Notice that the SMP systems have a physical limitation to the number of CPUs they can hold. This is primarily due to the bus and memory bandwidth limitations within the particular chassis or complex. The dotted lines show that the IA-32, "Type 1," and proprietary SMP systems have 8-, 64-, and 128-CPU limits, respectively. Similar limitations exist with regard to the amount of physical RAM the systems can hold. The arrow in the upper right of the figure shows the cluster configuration's ability to continue scaling well beyond the 512 CPUs shown at the graph's extreme right.
Figure 1 shows price on a logarithmic scale, which visually distorts the price differences between the options. Figure 2 shows the same data on a linear scale.
Figure 2 Comparison of SMP and cluster hardware cost versus CPU scalability—linear scale
Let's take the 64-CPU point on the graph for our discussion.
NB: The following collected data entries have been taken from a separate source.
Section DualComparison.
Variables (R : realType) (n : nat) (psi phi : 'rV[R]_n -> R).
Hypotheses (psiP : PsiClass psi) (phiP : PsiClass phi).

Lemma dualfun_le_scaled c : 0 < c ->
  (forall t, Omega n t -> c * phi t <= psi t) <->
  (forall s, Omega n s -> c * dualfun psi s <= dualfun phi s).
Proof.
move=> c_gt0; split=> [le_t s sO|le_s t tO].
  rewrite mulrC -ler_pdivlMr //; apply: (dualfun_le psiP) => // t tO.
  apply: le_trans (dotv_le_mul_dualfun phiP tO sO) _.
  rewrite mulrAC ler_pdivlMr // mulrC mulrA [leRHS]mulrC.
  apply: ler_wpM2r (le_t t tO).
  exact/ltW/(simplex_bounded_gt0 (dualfun_bounded phiP) sO).
have [s sO le_dot] := dualfun_support phiP tO.
have psi_s_gt0 := simplex_bounded_gt0 (dualfun_bounded psiP) sO.
rewrite -(ler_pM2r psi_s_gt0); apply: le_trans (dotv_le_mul_dualfun psiP tO sO).
apply: le_trans le_dot; rewrite mulrAC mulrC; apply: ler_wpM2l (le_s s sO).
exact/ltW/(simplex_bounded_gt0 (PsiClass_bounded phiP) tO).
Qed.

Lemma dualfun_antitone_iff : (forall t, Omega n t -> phi t <= psi t) <->
  (forall s, Omega n s -> dualfun psi s <= dualfun phi s).
Proof.
have [le_dual le_primal] := dualfun_le_scaled ltr01.
split=> [le_t s sO|le_s t tO]; rewrite -[leLHS]mul1r.
  by apply: le_dual => // t tO; rewrite mul1r le_t.
by apply: le_primal => // s sO; rewrite mul1r le_s.
Qed.

End DualComparison.

Section Ratio.
Variables (R : realType) (n : nat) (F G : 'rV[R]_n -> R).
Hypotheses (n_gt0 : (0 < n)%N) (FB : simplex_bounded F) (GB : simplex_bounded G).

Let G_gt0 t : Omega n t -> 0 < G t := simplex_bounded_gt0 GB.
Let e0 := unitv R (Ordinal n_gt0).
Let e0_Omega : Omega n e0 := Omega_unitv R (Ordinal n_gt0).

Let ratios_ne : [set F t / G t | t in Omega n] !=set0.
Proof. by exists (F e0 / G e0), e0. Qed.

Lemma ratio_min_ge c : (forall t, Omega n t -> c * G t <= F t) -> c <= ratio_min F G.
Proof.
move=> cGF; apply: lb_le_inf ratios_ne _ => _ [t tO <-].
by rewrite ler_pdivlMr ?G_gt0 ?cGF.
Qed.

Lemma ratio_max_le c : (forall t, Omega n t -> F t <= c * G t) -> ratio_max F G <= c.
Proof.
move=> FcG; apply: ge_sup ratios_ne _ => _ [t tO <-].
by rewrite ler_pdivrMr ?G_gt0 ?FcG.
Qed.

Lemma ratio_ge_inv t : Omega n t -> 1 / n%:R * G t <= F t.
Proof.
move=> tO; have [F_ge _] := FB tO; have [_ G_le1] := GB tO.
by apply: le_trans F_ge; rewrite ger_pMr ?divr_gt0 ?ltr0n.
Qed.

Lemma ratio_le_n t : Omega n t -> F t <= n%:R * G t.
Proof.
move=> tO; have [_ F_le1] := FB tO; have [G_ge _] := GB tO.
by apply: le_trans F_le1 _; rewrite -ler_pdivrMl ?ltr0n // mulr1 -div1r.
Qed.

Lemma ratio_min_le t : Omega n t -> ratio_min F G <= F t / G t.
Proof.
move=> tO; apply: ge_inf; last by exists t.
by exists (1 / n%:R) => _ [u uO <-]; rewrite ler_pdivlMr ?G_gt0 ?ratio_ge_inv.
Qed.

Lemma ratio_max_ge t : Omega n t -> F t / G t <= ratio_max F G.
Proof.
move=> tO; apply: ub_le_sup; last by exists t.
by exists n%:R => _ [u uO <-]; rewrite ler_pdivrMr ?G_gt0 ?ratio_le_n.
Qed.

Lemma ratio_min_mul_le t : Omega n t -> ratio_min F G * G t <= F t.
Proof. by move=> tO; rewrite -ler_pdivlMr ?G_gt0 ?ratio_min_le. Qed.

Lemma ratio_max_mul_ge t : Omega n t -> F t <= ratio_max F G * G t.
Proof. by move=> tO; rewrite -ler_pdivrMr ?G_gt0 ?ratio_max_ge. Qed.

Lemma ratio_bounds : 1 / n%:R <= ratio_min F G /\
  (forall t, Omega n t -> ratio_min F G <= F t / G t /\ F t / G t <= ratio_max F G) /\
  ratio_max F G <= n%:R.
Proof.
split; first exact/ratio_min_ge/ratio_ge_inv.
split; last exact/ratio_max_le/ratio_le_n.
by move=> t tO; rewrite ratio_min_le ?ratio_max_ge.
Qed.

Lemma ratio_min_gt0 : 0 < ratio_min F G.
Proof. by apply: lt_le_trans (proj1 ratio_bounds); rewrite divr_gt0 ?ltr0n. Qed.

Lemma ratio_max_gt0 : 0 < ratio_max F G.
Proof.
apply: lt_le_trans ratio_min_gt0 _.
exact: le_trans (ratio_min_le e0_Omega) (ratio_max_ge e0_Omega).
Qed.

End Ratio.

Lemma ratio_min_mul_ratio_max (R : realType) (n : nat) (F G F' G' : 'rV[R]_n -> R) :
  (0 < n)%N -> simplex_bounded F -> simplex_bounded G ->
  simplex_bounded F' -> simplex_bounded G' ->
  (forall c, 0 < c -> (forall t, Omega n t -> c * G t <= F t) <->
                      (forall s, Omega n s -> c * F' s <= G' s)) ->
  ratio_min F G * ratio_max F' G' = 1.
Proof.
move=> n_gt0 FB GB F'B G'B scaled_le.
have m_gt0 := ratio_min_gt0 n_gt0 FB GB; have M_gt0 := ratio_max_gt0 n_gt0 F'B G'B.
apply/eqP; rewrite eq_le; apply/andP; split.
  rewrite mulrC -ler_pdivlMr // div1r; apply: ratio_max_le => // s sO.
  rewrite ler_pdivlMl //; apply: (scaled_le _ m_gt0).1 => // t.
  exact: ratio_min_mul_le.
rewrite -ler_pdivrMr // div1r; apply: ratio_min_ge => // t tO.
have iM_gt0 : 0 < (ratio_max F' G')^-1 by rewrite invr_gt0.
apply: (scaled_le _ iM_gt0).2 => // s sO.
by rewrite ler_pdivrMl // ratio_max_mul_ge.
Qed.

Lemma linear_continuous_bounded (R : realType) (X : normedModType R) (g : X -> R) :
  (forall (a : R) x y, g (a *: x + y) = a * g x + g y) -> continuous g ->
  exists2 C, 0 <= C & forall y, `|g y| <= C * `|y|.
Proof.
move=> g_lin g_cont.
pose h : {linear X -> R^o} := HB.pack (g : X -> R^o) (GRing.isLinear.Build _ _ _ _ g g_lin).
have /linear_boundedP [C [_ hC]] := continuous_linear_bounded 0 (g_cont 0 : {for 0, continuous h}).
have C_lt : C < `|C| + 1 by rewrite (le_lt_trans (ler_norm C)) ?ltrDl.
by exists (`|C| + 1) => [|y]; [rewrite addr_ge0 | exact: hC].
Qed.

Section PsiNorm.
Variables (R : realType) (n : nat) (X : normedModType R).
Implicit Types (psi phi : 'rV[R]_n -> R) (x : 'I_n -> X) (f : 'I_n -> X -> R).

Definition normsum x := \sum_i `|x i|.

Lemma Omega_normsum x : normsum x != 0 -> Omega n (\row_i (`|x i| / normsum x)).
Proof.
move=> x_neq0; split=> [i|]; first by rewrite mxE divr_ge0 ?sumr_ge0.
rewrite (eq_bigr (fun i => `|x i| / normsum x)) => [|i _]; last by rewrite mxE.
by rewrite -mulr_suml mulfV.
Qed.

Lemma psinorm_le psi phi x : (forall t, Omega n t -> psi t <= phi t) ->
  psinorm psi x <= psinorm phi x.
Proof.
move=> psi_le; rewrite /psinorm /= -/(normsum x).
case: eqP => [//|/eqP x_neq0]; apply: ler_wpM2l; first exact: sumr_ge0.
exact/psi_le/Omega_normsum.
Qed.

Lemma psinormMl psi c x : psinorm (fun t => c * psi t) x = c * psinorm psi x.
Proof. by rewrite /psinorm /=; case: eqP; rewrite ?mulr0 // mulrCA. Qed.

Lemma psinormZ psi c x : 0 < c -> psinorm psi (fun i => c *: x i) = c * psinorm psi x.
Proof.
move=> c_gt0; have normsumZ : normsum (fun i => c *: x i) = c * normsum x.
  by rewrite /normsum mulr_sumr; apply: eq_bigr => i _; rewrite normrZ gtr0_norm.
rewrite /psinorm /= -!/(normsum _) normsumZ mulf_eq0 gt_eqF //=.
case: eqP => [_|/eqP x_neq0]; first by rewrite mulr0.
rewrite -mulrA; congr (_ * (_ * psi _)); apply/rowP => j.
by rewrite !mxE normrZ gtr0_norm // invfM mulrACA mulfV ?mul1r // gt_eqF.
Qed.

Lemma norm_le_psinorm psi x i : PsiClass psi -> `|x i| <= psinorm psi x.
Proof.
move=> psiP; rewrite /psinorm /= -/(normsum x).
have xi_le : `|x i| <= normsum x by rewrite /normsum (bigD1 i) //= lerDl sumr_ge0.
case: eqP => [<- //|/eqP x_neq0].
have := psi_ge_coord psiP i (Omega_normsum x_neq0).
by rewrite mxE ler_pdivrMr ?lt_def ?x_neq0 ?sumr_ge0 // mulrC.
Qed.

Lemma cont_lin_familyZ f : cont_lin_family f -> forall i a y, f i (a *: y) = a * f i y.
Proof.
move=> f_cl i a y; have f_lin := (f_cl i).1.
have f0 : f i 0 = 0 by have := f_lin 1 0 0; rewrite scaler0 addr0 mul1r; lra.
by have := f_lin a y 0; rewrite f0 !addr0 => ->.
Qed.

Lemma dualnorm_has_ub psi f : PsiClass psi -> cont_lin_family f ->
  has_ubound [set `|\sum_i f i (x i)| | x in [set x | psinorm psi x <= 1]].
Proof.
move=> psiP f_cl.
have /choice[C fC] i : exists C, 0 <= C /\ forall y, `|f i y| <= C * `|y|.
  by have [C ? ?] := linear_continuous_bounded (f_cl i).1 (f_cl i).2; exists C.
exists (\sum_i C i) => _ [x x_le1 <-]; apply: le_trans (ler_norm_sum _ _ _) _.
apply: ler_sum => i _; have [C_ge0 fiC] := fC i; apply: le_trans (fiC (x i)) _.
by rewrite -[leRHS]mulr1 ler_wpM2l // (le_trans (norm_le_psinorm x i psiP)).
Qed.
These are the raw hardware costs:
Configuration |
Cost |
SMP proprietary |
$3,373,000 |
SMP "Type 1" |
$2,743,000 |
2-CPU "Type 1" cluster |
$1,121,000 |
2-CPU IA-32 cluster |
$501,000 |
It doesn't take a genius to see that if your application and performance requirements allow it, the commodity, clustered approach with IA-32 systems is the hands-down cost winner for this number of CPUs. The cost savings may be even more significant if the calculations are done for hardware compute slices that are not top of the line, as may be possible for applications that are not compute-intensive. As the requirements expand the number of CPUs in the cluster, the SMP solutions no longer even play in the calculations.